The nice thing about standards is that there are so many of them to choose from.

Which one do you think I should use?


Solution

  • RDF is not just XML; RDF is a data model that relies on sets of triples (subject, predicate, object) and URIs to unambiguously refer to things. Actually, people working with RDF tend to run away from RDF/XML and we prefer RDF/Turtle or RDF/Ntriples, even RDF in JSON format. These serializations are more readable, easier to construct and easier to parse. Moreover, there are many tools that allow you to transform between all the range of RDF flavors (i.e: rapper or Jena).

    When it comes to publishing information in RDF. You generally have three different choices:

    1. To provide RDF dumps of your data.
    2. To publish RDF following the Linked Data rules.
    3. To add metadata to your existing Web pages with RDFa.

    ... these are not exclusive. You can go for any combination of them, the most important thing is choosing the correct structure of URIs (see Cool URIs don't change).

    Following your SO profile I see that you're working on a social taste recommendation website (http://evocatus.com/). I assume that you might want to expose information about those reviews. So for a review like http://evocatus.com/sauce/cholula-chipolte-hot-sauce/272645/ you can provide different serializations and give back not just HTML but also:

    • .../holula-chipolte-hot-sauce/272645/rdf-turtle
    • .../holula-chipolte-hot-sauce/272645/rdf-xml
    • .../holula-chipolte-hot-sauce/272645/rdf-json
    • and one for any other type of format you want to expose.

    In addition, the HTML version could be enhanced with RDFa. Depending on the type of client that consumes your data, following content negotiation rules, you'll redirect the HTTP request to whichever format is accepted by the client. This is established by the HTTP header Accept. So a request like the one below with curl would be redirected by your application giving back the RDF/XML version:

    curl -H 'Accept: application/rdf+xml' .../holula-chipolte-hot-sauce/272645/
    

    In the future, people would be able to say things about existing reviews in your site by just reusing your URIs in their RDF data. That's the power of RDF and Linked Data.

    About Dublin Core, you could use Dublin Core with either RDF or RDFa. But, in your case there are some other interesting ontologies to consider and the right thing would be to use a mix of all of them:

    • FOAF: Friend Of A Friend, to express user personal information and relations between users.
    • Tag Ontology: A very simple ontology to express tag information.
    • RDF Review Vocabulary: Vocabulary for expressing reviews and ratings using RDF.
    • GoodRelations: An ontology to express product information and eCommerce.
    • Vcard/RDF: for addresses, normally used in combination with FOAF.

    There is one site called http://revyu.com/ that uses all these ontologies (except GoodRelations), so you could use it as a guideline. See for instance:

    ... these are HTML and RDF versions of the same review.

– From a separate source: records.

Lemma cross_eq0 u v : u != 0 -> cross u v = 0 -> exists c, v = scalev c u.
Proof.
move=> u_nz uv0; have [i ui_nz] := ffun_neq0 u_nz.
exists (v i / u i); apply/ffunP => t; rewrite ffunE.
have cross0 : cross (delta i) 0 = 0.
  by apply/ffunP => j; rewrite !ffunE; case: (nat_of_ord j) => [|[|?]]; rewrite !mulr0 subrr.
have /esym := cross_crossE (delta i) u v t.
rewrite uv0 cross0 ffunE ![dot (delta i) _]dotC !dot_deltar => /eqP.
by rewrite subr_eq0 => /eqP uv; rewrite mulrAC [v i * _]mulrC uv mulfK.
Qed.

Lemma cross_neq0 P Q : normalized P -> normalized Q -> P != Q -> cross P Q != 0.
Proof.
move=> nP nQ PQ; apply/eqP => /(cross_eq0 (normalized_neq0 nP)) [c QcP].
by move: PQ; rewrite (normalized_scalev_eq nP nQ QcP) eqxx.
Qed.

Lemma exists_line_through P Q : normalized P -> normalized Q -> P != Q ->
  exists l, [&& normalized l, incident l P & incident l Q].
Proof.
move=> nP nQ PQ; have PQ_nz := cross_neq0 nP nQ PQ.
exists (normalize (cross P Q)); rewrite normalize_normalized //= !incidentE.
by rewrite !(dotC (normalize _)) !dotZr dot_cross_l dot_cross_r mulr0 eqxx.
Qed.
Lemma ncomps_cross s x y a b : conn s x y ->
  ncomps ((x, a) :: (y, b) :: s) + (~~ conn s x a && ~~ conn s x b) =
  ncomps ((x, y) :: (a, b) :: s).
Proof.
move=> xy; have Ct := @conn_trans s.
have ya : conn s y a = conn s x a by apply/idP/idP; apply: Ct; rewrite // conn_sym.
have yb : conn s y b = conn s x b by apply/idP/idP; apply: Ct; rewrite // conn_sym.
have := ncomps_cons ((y, b) :: s) x a; have := ncomps_cons s y b.
have := ncomps_cons ((a, b) :: s) x y; have := ncomps_cons s a b.
rewrite !conn_cons xy ya yb (conn_sym s b a) /=.
case: (boolP (conn s x a)) => xa /=.
  have -> : conn s a b = conn s x b by apply/idP/idP; apply: Ct; rewrite // conn_sym.
  by lia.
case: (boolP (conn s x b)) => xb /=; last by lia.
have -> : conn s a b = false by apply: contraNF xa => ab; apply: Ct xb _; rewrite conn_sym.
by lia.
Qed.

Lemma isolatedE s x : isolated s x -> forall y, conn s x y = (y == x).
Proof. by move=> /eqP xI y; rewrite -mem_comp xI inE. Qed.

Lemma isolated_cons s u v z : u != v ->
  isolated ((u, v) :: s) z = isolated s z && (z \notin [set u; v]).
Proof.
move=> uv; apply/idP/idP => [zI|/andP [zI]].
  have sub : comp s z \subset comp ((u, v) :: s) z.
    by apply/subsetP => w; rewrite !mem_comp conn_cons => ->.
  have -> : isolated s z.
    by rewrite /isolated eqEsubset sub1set comp_self andbT -(eqP zI).
  rewrite !inE; apply/norP; split; apply/negP => /eqP zE; subst z; move: uv.
    by rewrite eq_sym -(isolatedE zI) conn_cons !conn_refl !orbT.
  by rewrite -(isolatedE zI) conn_cons !conn_refl !orbT.
rewrite !inE => /norP [zu zv]; apply/eqP/setP => w.
rewrite mem_comp conn_cons !(isolatedE zI) !inE (eq_sym u) (eq_sym v).
by rewrite (negbTE zu) (negbTE zv) orbF.
Qed.

Lemma nisol_cons s u v : u != v ->
  nisol ((u, v) :: s) + isolated s u + isolated s v = nisol s.
Proof.
move=> uv; rewrite /nisol; set I := [set x | isolated s x].
have -> : [set x | isolated ((u, v) :: s) x] = I :\ u :\ v.
  apply/setP => z; rewrite !inE isolated_cons // !inE negb_or.
  by case: (isolated s z); case: (z == u); case: (z == v).
rewrite -addnA [#|I|](cardsD1 u) [#|I :\ u|](cardsD1 v) !inE eq_sym uv /=.
by rewrite addnC addnA.
Qed.

Lemma even_card_cover (cl : T -> {set T}) (S : {set T}) :
  (forall x, x \in cl x) -> (forall x y, y \in cl x -> cl y = cl x) ->
  (forall x, x \in S -> cl x \subset S) -> (forall x, x \in S -> ~~ odd #|cl x|) ->
  ~~ odd #|S|.
Proof.
move=> clx cly; elim: {S}_.+1 {-2}S (ltnSn #|S|) => // n IHn S.
have [->|[x xS]] := set_0Vmem S; first by rewrite cards0.
move=> Sn clS clE; have clxS := clS x xS.
rewrite -(cardsID (cl x) S) (setIidPr clxS) oddD (negbTE (clE x xS)) /=.
have disj y : y \in S :\: cl x -> [disjoint cl y & cl x].
  rewrite inE => /andP [ynx _]; apply/pred0P => z /=; apply/negbTE/negP => /andP [zy zx].
  by move: ynx; rewrite -(cly _ _ zx) (cly _ _ zy) clx.
apply: IHn => [|y yD|y /setDP [yS _]]; last exact: clE.
  have : 0 < #|cl x| by apply/card_gt0P; exists x.
  by move: Sn; rewrite -(cardsID (cl x) S) (setIidPr clxS); lia.
apply/subsetP => z zy; move: (yD); rewrite !inE => /andP [_ yS].
rewrite (subsetP (clS y yS)) // andbT; apply: contraTN (disj y yD) => zx.
by apply/pred0Pn; exists z; rewrite /= zy.
Qed.

Lemma even_card_inv (p : T -> T) (S : {set T}) : involutive p ->
  (forall z, p z != z) -> {in S, forall z, p z \in S} -> ~~ odd #|S|.
Proof.
move=> pK pf pS.
apply: (@even_card_cover (fun z => if z \in S then [set z; p z] else [set z])).
- by move=> z; case: ifP; rewrite !inE eqxx.
- move=> z w; have [zS|zS] := boolP (z \in S); rewrite !inE.
    by case/orP => /eqP ->; rewrite ?zS // pS // pK setUC.
  by move=> /eqP ->; rewrite (negbTE zS).
- move=> z zS; rewrite zS; apply/subsetP => w.
  by rewrite !inE => /orP [] /eqP -> //; apply: pS.
- by move=> z zS; rewrite zS cards2 eq_sym pf.
Qed.

Lemma even_card_comps g (S : {set T}) : (forall x, x \in S -> comp g x \subset S) ->
  (forall x, x \in S -> ~~ odd #|comp g x|) -> ~~ odd #|S|.
Proof.
apply: even_card_cover; first exact: comp_self.
by move=> x y; rewrite mem_comp => /eq_comp ->.
Qed.

Lemma odd_card_comp g (p : T -> T) v : involutive p -> (forall z, p z != z) ->
  ~~ conn g v (p v) -> (forall z, conn g v z -> z != v -> conn g z (p z)) ->
  odd #|comp g v|.
Proof.
move=> pK pf nvp closed; rewrite (cardsD1 v) comp_self oddD /=.
apply: (even_card_inv pK pf) => z; rewrite !inE => /andP [zv vz].
rewrite (conn_trans vz (closed z vz zv)) andbT; apply: contra nvp => /eqP pzv.
by rewrite -(pK z) pzv in vz.
Qed.

Lemma conn_closed s (S : {set T}) :
  (forall u v, (u, v) \in s -> (u \in S) = (v \in S)) ->
  forall x y, conn s x y -> (x \in S) = (y \in S).
Proof.
move=> Sclosed x y xy; apply/eqP; move: x y xy; apply: conn_least => [x|x y z /eqP -> //|u v].
  by rewrite eqxx.
by move/Sclosed ->; rewrite eqxx.
Qed.

Lemma even_comp_sub F s v : {subset F <= s} -> (forall z, ~~ odd #|comp F z|) ->
  ~~ odd #|comp s v|.
Proof.
move=> Fs Feven; apply: even_card_comps => [z|z _]; last exact: Feven.
rewrite mem_comp => vz; apply/subsetP => w; rewrite !mem_comp => zw.
exact: conn_trans vz (conn_subset Fs zw).
Qed.

Lemma comp_cons_isolated s u v z : u != v -> isolated s u -> isolated s v ->
  comp ((u, v) :: s) z = if (z == u) || (z == v) then [set u; v] else comp s z.
Proof.
move=> uv uI vI; have nuv : ~~ conn s u v by rewrite (isolatedE uI) eq_sym.
rewrite comp_cons // !(conn_sym s z) (isolatedE uI) (isolatedE vI) (eqP uI) (eqP vI).
by rewrite ![z == _]eq_sym.
Qed.

Definition detach s d : seq (T * T) :=
  [seq e <- enum {: T * T} | [&& conn s e.1 e.2, e.1 != d & e.2 != d]].

Lemma conn_detach s d u w :
  conn (detach s d) u w = (u == w) || [&& conn s u w, u != d & w != d].
Proof.
apply/idP/idP => [|/orP [/eqP -> | uw]]; last 2 first.
- exact: conn_refl.
- by apply: conn_edge; rewrite mem_filter uw mem_enum.
move: u w; apply: conn_least => [u|v u w|u w].
- by rewrite eqxx.
- case/orP => [/eqP -> //|/and3P [uv ud vd]] /orP [/eqP <-|/and3P [vw _ wd]].
    by rewrite uv ud vd orbT.
  by rewrite (conn_trans uv vw) ud wd orbT.
- by rewrite mem_filter /= => /andP [/and3P [uw ud wd] _]; rewrite uw (conn_sym s w) uw ud wd !orbT.
Qed.
Definition locally_causally_Lipschitz {X Y : Type} (d : X -> X -> R)
    (le : X -> X -> Prop) (d' : Y -> Y -> R) (f : X -> Y) : Prop :=
  forall x, exists U M, open_set d U /\ U x /\ 0 < M /\
    forall x1 x2, U x1 -> U x2 -> le x1 x2 -> d' (f x1) (f x2) <= M * d x1 x2.

From Pilot Require Import Defs.
From Stdlib Require Import Reals.
From Stdlib Require Import Lra List Classical ClassicalEpsilon.
Open Scope R_scope.

(* Since [f] scales the time separation by a positive constant, it preserves and reflects
   [<<].  In the causally simple space X every point is a limit of its chronological past and
   future, so [x <= y] holds iff [z << w] whenever [z << x] and [y << w]; hence [f] reflects
   [<=], which gives causality of Y.  Conversely, this characterisation of [<=] holds in Y
   (and yields closed causal cones there) as soon as [f] also preserves [<=].  Locally around
   [p] this follows from causal closedness near [f p]: images of timelike curves from just
   below [q1 <= p] to just above [p <= q2] stay close to [f p], by a compactness argument in a
   compact neighbourhood of [f p] that uses causal simplicity of X to identify cluster points.
   Along a causal curve the local steps are chained by real induction. *)

Lemma continuity_induction (a b : R) (P : R -> Prop) :
  P a ->
  (forall s, a <= s <= b -> exists del, 0 < del /\
     forall t u, a <= t <= s -> s <= u <= b -> s - t < del -> u - s < del -> P t -> P u) ->
  forall u, a <= u <= b -> P u.
Proof.
  intros Pa Hstep u Hu.
  set (E := fun t => a <= t <= b /\ forall v, a <= v <= t -> P v).
  assert (Ea : E a).
  { split; [lra|]. intros v Hv. replace v with a by lra. exact Pa. }
  destruct (completeness E) as [m [Hub Hlub]].
  { exists b. intros t [Ht _]. lra. }
  { exists a. exact Ea. }
  assert (Ham : a <= m) by (apply Hub, Ea).
  assert (Hmb : m <= b) by (apply Hlub; intros t [Ht _]; lra).
  assert (Hbelow : forall v, a <= v < m -> P v).
  { intros v Hv. apply NNPP. intro HPv. enough (m <= v) by lra.
    apply Hlub. intros t [_ Ht]. apply Rnot_lt_le. intro Hvt. apply HPv, Ht. lra. }
  destruct (Hstep m (conj Ham Hmb)) as [del [Hdel Hm]].
  set (t := Rmax a (m - del / 2)).
  assert (Ht : a <= t <= m /\ m - t < del).
  { unfold t. split; [split|]; [apply Rmax_l| apply Rmax_lub; lra|].
    pose proof (Rmax_r a (m - del / 2)). lra. }
  assert (Pt : P t).
  { destruct (Rlt_le_dec t m) as [Htm|Htm]; [apply Hbelow; lra|].
    replace t with a; [exact Pa|]. unfold t in *. revert Htm. apply Rmax_case; lra. }
  assert (Habove : forall v, m <= v <= b -> v - m < del -> P v).
  { intros v Hv Hvm. apply (Hm t v); tauto || lra. }
  destruct (Req_dec m b) as [Emb|Nmb].
  - destruct (Rlt_le_dec u m); [apply Hbelow; lra|]. apply Habove; lra.
  - exfalso.
    set (m' := Rmin b (m + del / 2)).
    assert (Hm' : m < m' <= b) by (unfold m'; split; [apply Rmin_glb_lt|apply Rmin_l]; lra).
    assert (Hm'del : m' <= m + del / 2) by apply Rmin_r.
    assert (E m').
    { split; [lra|]. intros v Hv. destruct (Rlt_le_dec v m); [apply Hbelow; lra|].
      apply Habove; lra. }
    assert (m' <= m) by (apply Hub; assumption). lra.
Qed.
(* Let $\Gamma$ be a finitely generated discrete group, $A\trianglelefteq\Gamma$ normal of finite index, $Q=\Gamma/A$, and $\psi\colon Q\to PU(n)$ a homomorphism. The finite group $\mathrm{Hom}(Q,S^1)$ acts freely on $\mathrm{Hom}_A(\Gamma,U(n))_\psi$ by $(\chi\cdot\rho)(\gamma)=\chi([\gamma])\rho(\gamma)$, and the restriction map $R\colon\mathrm{Hom}_A(\Gamma,U(n))_\psi\to\mathrm{Hom}(A,S^1)$, $\rho\mapsto\rho|_A$, induces a homeomorphism from the orbit space $\mathrm{Hom}_A(\Gamma,U(n))_\psi/\mathrm{Hom}(Q,S^1)$ onto the image $R(\mathrm{Hom}_A(\Gamma,U(n))_\psi)$. In particular $R$ is a finite covering map onto its image with structure group $\mathrm{Hom}(Q,S^1)$.
   Context: $S^1\subset U(n)$ denotes the scalar matrices (identified with the unit circle), $PU(n)=U(n)/S^1$. $\mathrm{Hom}_A(\Gamma,U(n))$ is the set of $\rho\in\mathrm{Hom}(\Gamma,U(n))$ with $\rho(A)\subset S^1$ (so $\rho|_A\in\mathrm{Hom}(A,S^1)$), and $\mathrm{Hom}_A(\Gamma,U(n))_\psi$ is the subset with induced homomorphism $\bar\rho\colon Q\to PU(n)$ equal to $\psi$. All representation spaces carry the topology of pointwise convergence. *)

From Stdlib Require Import Reals List.
From mathcomp Require Import ssreflect ssrfun ssrbool eqtype ssrnat seq fintype.

Set Implicit Arguments.
Unset Strict Implicit.

Record CC := mkC { re : R; im : R }.
Definition CC0 : CC := mkC 0%R 0%R.
Definition CC1 : CC := mkC 1%R 0%R.
Definition Cadd (z w : CC) : CC := mkC (re z + re w)%R (im z + im w)%R.
Definition Cmul (z w : CC) : CC :=
  mkC (re z * re w - im z * im w)%R (re z * im w + im z * re w)%R.
Definition Cconj (z : CC) : CC := mkC (re z) (- im z)%R.
Definition Cnorm2 (z : CC) : R := (re z * re z + im z * im z)%R.
Definition unitC (z : CC) : Prop := Cnorm2 z = 1%R.

Definition Mat (n : nat) := 'I_n -> 'I_n -> CC.
Definition Csum (n : nat) (f : 'I_n -> CC) : CC :=
  seq.foldr Cadd CC0 (seq.map f (enum 'I_n)).
Definition mmul (n : nat) (A B : Mat n) : Mat n :=
  fun i j => Csum (fun k => Cmul (A i k) (B k j)).
Definition madj (n : nat) (A : Mat n) : Mat n := fun i j => Cconj (A j i).
Definition idm (n : nat) : Mat n := fun i j => if i == j then CC1 else CC0.
Definition scal (n : nat) (z : CC) (A : Mat n) : Mat n := fun i j => Cmul z (A i j).
Definition scalarm (n : nat) (z : CC) : Mat n := scal z (@idm n).
Definition unitary (n : nat) (A : Mat n) : Prop :=
  mmul A (madj A) = @idm n /\ mmul (madj A) A = @idm n.

Definition Quot (X : Type) (E : X -> X -> Prop) : Type :=
  { S : X -> Prop | exists x, S = E x }.
Definition qproj (X : Type) (E : X -> X -> Prop) (x : X) : Quot E :=
  exist (fun S => exists y, S = E y) (E x) (ex_intro (fun y => E x = E y) x erefl).

Definition pclass (n : nat) (U : Mat n) : Mat n -> Prop :=
  fun V => exists z, unitC z /\ V = scal z U.
Definition PU (n : nat) : Type :=
  { S : Mat n -> Prop | exists U, unitary U /\ S = pclass U }.

Definition is_group (G : Type) (mul : G -> G -> G) (one : G) (inv : G -> G) : Prop :=
  (forall x y z, mul x (mul y z) = mul (mul x y) z) /\
  (forall x, mul one x = x) /\ (forall x, mul x one = x) /\
  (forall x, mul (inv x) x = one) /\ (forall x, mul x (inv x) = one).

Inductive generated (G : Type) (mul : G -> G -> G) (one : G) (inv : G -> G)
  (gens : list G) : G -> Prop :=
| gen_one : generated mul one inv gens one
| gen_in : forall g, In g gens -> generated mul one inv gens g
| gen_inv : forall g, generated mul one inv gens g -> generated mul one inv gens (inv g)
| gen_mul : forall g h, generated mul one inv gens g -> generated mul one inv gens h ->
    generated mul one inv gens (mul g h).

Definition fin_generated (G : Type) (mul : G -> G -> G) (one : G) (inv : G -> G) : Prop :=
  exists gens : list G, forall g, generated mul one inv gens g.

Definition normal_subgroup (G : Type) (mul : G -> G -> G) (one : G) (inv : G -> G)
  (A : G -> Prop) : Prop :=
  A one /\ (forall a b, A a -> A b -> A (mul a b)) /\ (forall a, A a -> A (inv a)) /\
  (forall g a, A a -> A (mul (mul g a) (inv g))).

Definition finite_index (G : Type) (mul : G -> G -> G) (inv : G -> G) (A : G -> Prop) : Prop :=
  exists reps : list G, forall g, exists r, In r reps /\ A (mul (inv r) g).

Definition coset_rel (G : Type) (mul : G -> G -> G) (inv : G -> G) (A : G -> Prop) :
  G -> G -> Prop := fun g h => A (mul (inv g) h).
Definition Quo (G : Type) (mul : G -> G -> G) (inv : G -> G) (A : G -> Prop) : Type :=
  Quot (coset_rel mul inv A).
Definition qmap (G : Type) (mul : G -> G -> G) (inv : G -> G) (A : G -> Prop) (g : G)
  : Quo mul inv A := qproj (coset_rel mul inv A) g.

(* Hom(Q, S^1); the group law of Q is the one induced by the projection *)
Definition HomQS1 (G : Type) (mul : G -> G -> G) (inv : G -> G) (A : G -> Prop)
  (chi : Quo mul inv A -> CC) : Prop :=
  (forall q, unitC (chi q)) /\
  (forall g h, chi (qmap mul inv A (mul g h)) = Cmul (chi (qmap mul inv A g)) (chi (qmap mul inv A h))).

Definition proj_hom (G : Type) (mul : G -> G -> G) (inv : G -> G) (A : G -> Prop) (n : nat)
  (psi : Quo mul inv A -> PU n) : Prop :=
  forall g h (U V : Mat n), unitary U -> unitary V ->
    proj1_sig (psi (qmap mul inv A g)) = pclass U ->
    proj1_sig (psi (qmap mul inv A h)) = pclass V ->
    proj1_sig (psi (qmap mul inv A (mul g h))) = pclass (mmul U V).

Definition HomA_psi (G : Type) (mul : G -> G -> G) (inv : G -> G) (A : G -> Prop) (n : nat)
  (psi : Quo mul inv A -> PU n) (rho : G -> Mat n) : Prop :=
  (forall g, unitary (rho g)) /\
  (forall g h, rho (mul g h) = mmul (rho g) (rho h)) /\
  (forall a, A a -> exists z, unitC z /\ rho a = @scalarm n z) /\
  (forall g, proj1_sig (psi (qmap mul inv A g)) = pclass (rho g)).

Definition act (G : Type) (mul : G -> G -> G) (inv : G -> G) (A : G -> Prop) (n : nat)
  (chi : Quo mul inv A -> CC) (rho : G -> Mat n) : G -> Mat n :=
  fun g => scal (chi (qmap mul inv A g)) (rho g).

(* restriction to A, identifying a scalar matrix z I with z \in S^1
   (read off the (0,0) entry; n > 0) *)
Definition restr (G : Type) (A : G -> Prop) (n : nat) (hn : (0 < n)%N) (rho : G -> Mat n)
  : {a : G | A a} -> CC :=
  fun a => rho (proj1_sig a) (Ordinal hn) (Ordinal hn).

Definition topo (X : Type) := (X -> Prop) -> Prop.

Definition Ctopo : topo CC := fun O =>
  forall z, O z -> exists eps, (0 < eps)%R /\
    forall w, (Rabs (re w - re z) < eps)%R -> (Rabs (im w - im z) < eps)%R -> O w.

(* product topology = topology of pointwise convergence on I -> Y *)
Definition ptopo (I Y : Type) (tY : topo Y) : topo (I -> Y) := fun O =>
  forall f, O f -> exists (l : list I) (V : I -> Y -> Prop),
    (forall i, tY (V i)) /\ (forall i, V i (f i)) /\
    (forall h, (forall i, In i l -> V i (h i)) -> O h).

Definition Mtopo (n : nat) : topo (Mat n) := ptopo (ptopo Ctopo).
Definition enc_memory (sts : seq ('I_H -> lin_state R d)) : lin_memory :=
  [ffun i : 'I_L => enc_states (nth (@lin_states0 R d H) sts i)].

Definition dec_memory (c : lin_memory) := [seq dec_states (c i) | i <- enum 'I_L].

Lemma enc_memoryK sts : size sts = L ->
    (forall i, (i < L)%N -> lin_states_in (fun r => r \in pv) (nth (@lin_states0 R d H) sts i)) ->
  dec_memory (enc_memory sts) = sts.
Proof.
move=> size_sts sts_in; rewrite /dec_memory.
transitivity [seq nth (@lin_states0 R d H) sts (val i) | i <- enum 'I_L].
  by apply: eq_map => i; rewrite ffunE enc_statesK //; apply: sts_in.
by rewrite (map_comp (nth _ sts) val) val_enum_ord -size_sts -/(mkseq _ _) mkseq_nth.
Qed.
End StateEncoding.

Lemma expnn_leq_card n (C : finType) (code : {ffun 'I_n -> 'I_n} -> C)
    (decode : C -> 'I_n -> 'I_n) :
  (forall F x, decode (code F) x = F x) -> (n ^ n <= #|C|)%N.
Proof.
move=> codeK; have code_inj : injective code.
  by move=> F1 F2 eq_code; apply/ffunP => x; rewrite -codeK eq_code codeK.
by move: (leq_card _ code_inj); rewrite card_ffun !card_ord.
Qed.

Lemma expnn_leq_pow2_ln (R : realType) (n N : nat) : (n ^ n <= 2 ^ N)%N ->
  n%:R * (ln (n%:R : R) / ln 2) <= N%:R.
Proof.
case: n => [|n] le_nN; first by rewrite mul0r ler0n.
have ln2_gt0 : (0 : R) < ln 2 by rewrite ln_gt0 // ltr1n.
have : ln ((n.+1 ^ n.+1)%:R : R) <= ln ((2 ^ N)%:R).
  by rewrite ler_ln ?posrE ?ltr0n ?expn_gt0 ?ler_nat.
rewrite (natrX _ n.+1 n.+1) (natrX _ 2 N) !lnXn ?ltr0n //.
rewrite -[_ *+ n.+1]mulr_natr -[_ *+ N]mulr_natr.
rewrite mulrA ler_pdivrMr //.
by rewrite mulrC (mulrC N%:R).
Qed.

Definition eva_context (R : realType) (rd : R -> R) (n d : nat)
    (emb : nat -> 'I_n -> 'rV[R]_d) (f : 'I_n -> 'I_n) : seq 'rV[R]_d :=
  [seq rndv rd (emb (val i) (f i)) | i <- enum 'I_n].

Definition eva_token (n : nat) (f : 'I_n -> 'I_n) (x : 'I_n) (j : nat) : 'I_n :=
  if (j < n)%N then f (nth x (enum 'I_n) j) else x.

Lemma size_eva_input (R : realType) (rd : R -> R) n d (emb : nat -> 'I_n -> 'rV[R]_d) f x :
  size (eva_input rd emb f x) = n.+1.
Proof. by rewrite size_cat size_map size_enum_ord addn1. Qed.

Lemma nth_eva_input (R : realType) (rd : R -> R) n d (emb : nat -> 'I_n -> 'rV[R]_d)
    f x j :
  (j <= n)%N -> nth 0 (eva_input rd emb f x) j = rndv rd (emb j (eva_token f x j)).
Proof.
move=> j_le; rewrite nth_cat size_map size_enum_ord /eva_token.
case: ltnP => [j_lt | j_ge].
  have nthE : val (nth x (enum 'I_n) j) = j := nth_enum_ord x j_lt.
  by rewrite (nth_map x) ?size_enum_ord // nthE.
have -> : j = n by apply/eqP; rewrite eqn_leq j_le.
by rewrite subnn.
Qed.

Lemma eva_token_query n (f : 'I_n -> 'I_n) x : eva_token f x n = x.
Proof. by rewrite /eva_token ltnn. Qed.

Lemma eva_token_arg n (f : 'I_n -> 'I_n) x : eva_token f x x = f x.
Proof. by rewrite /eva_token ltn_ord nth_ord_enum. Qed.

Lemma lin_Eva_memory_bound (R : realType) (n L H d p : nat) (P : precision R p)
    (ls : seq (lin_layer R d H)) (emb : nat -> 'I_n -> 'rV[R]_d)
    (answer : seq ('I_H -> lin_state R d) -> 'I_n -> 'I_n) :
    size ls = L ->
    (forall f x,
       answer (lin_prefix_states (rnd P) ls (eva_context (rnd P) emb f)) x = f x) ->
  (n ^ n <= 2 ^ (L * H * d * (d + 1) * p))%N.
Proof.
move=> size_ls answerP.
case: n emb answer answerP => [|n] emb answer answerP; first by rewrite expn_gt0.
rewrite -(card_lin_memory d H p L).
pose code (F : {ffun 'I_n.+1 -> 'I_n.+1}) :=
  @enc_memory R d H p L P (lin_prefix_states (rnd P) ls (eva_context (rnd P) emb F)).
apply: (@expnn_leq_card _ _ code (fun c => answer (@dec_memory R d H p L P c))) => F x.
rewrite /code enc_memoryK ?answerP ?size_lin_prefix_states // => i i_lt.
apply: lin_prefix_states_in; first exact: rnd_in.
  by rewrite -size_eq0 size_map size_enum_ord.
by rewrite size_ls.
Qed.

Lemma lin_not_solves_Eva (R : realType) (n L H d p : nat) :
  ((L * H * d * (d + 1) * p)%N%:R : R) < n%:R * (ln (n%:R : R) / ln 2) ->
  forall P : precision R p, ~ lin_solves_Eva P n L H d.
Proof.
move=> lt_mem P [ls [emb [dec [size_ls [_ solves]]]]].
suff /(expnn_leq_pow2_ln R) : (n ^ n <= 2 ^ (L * H * d * (d + 1) * p))%N.
  by rewrite leNgt lt_mem.
pose answer sts x :=
  dec (last 0 (lin_run_from (rnd P) ls sts [:: rndv (rnd P) (emb n x)])).
apply: (@lin_Eva_memory_bound _ _ _ _ _ _ P ls emb answer size_ls) => f x.
by rewrite /answer -last_lin_run_cat; apply: solves.
Qed.

Lemma lin_cot_not_solves_Eva (R : realType) (n L H d p : nat) :
  ((L * H * d * (d + 1) * p)%N%:R : R) < n%:R * (ln (n%:R : R) / ln 2) ->
  forall P : precision R p, ~ lin_cot_solves_Eva P n L H d.
Proof.
move=> lt_mem P [V [T [ls [emb [emb_gen [dec [ans [size_ls [_ solves]]]]]]]]].
suff /(expnn_leq_pow2_ln R) : (n ^ n <= 2 ^ (L * H * d * (d + 1) * p))%N.
  by rewrite leNgt lt_mem.
pose answer sts x :=
  ans (cot_generate_from (rnd P) ls emb_gen dec n sts T [:: rndv (rnd P) (emb n x)]).
apply: (@lin_Eva_memory_bound _ _ _ _ _ _ P ls emb answer size_ls) => f x.
by have := solves f x; rewrite /eva_input cot_generate_cat size_map size_enum_ord.
Qed.

Section IntegerRows.
Variables (R : realType) (d : nat).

    Unlike with ATOM, as you can see, with RDF you would be able to reuse existing ontologies and since RDF is based on URIs everything would be interlinked.

    Linked Data Added Value

    What would happen if you invest sometime linking your products and reviews to other data sources ? (i.e: dbpedia.org or freebase.com). Let's imagine that you start linking all your Beer reviews (http://evocatus.com/beer/) to whatever brewery is manufacturing the product from (http://dbpedia.org/page/Alcoholic_beverage), by following the links you would be able to know for instance where the preferable beers are manufactured. Dbpedia holds that information.

    Also see that in Freebase, that also provides RDF versions, you could link to manufacturers. For instance see, http://rdf.freebase.com/rdf/en.budweiser in RDF or http://www.freebase.com/view/en/budweiser in HTML.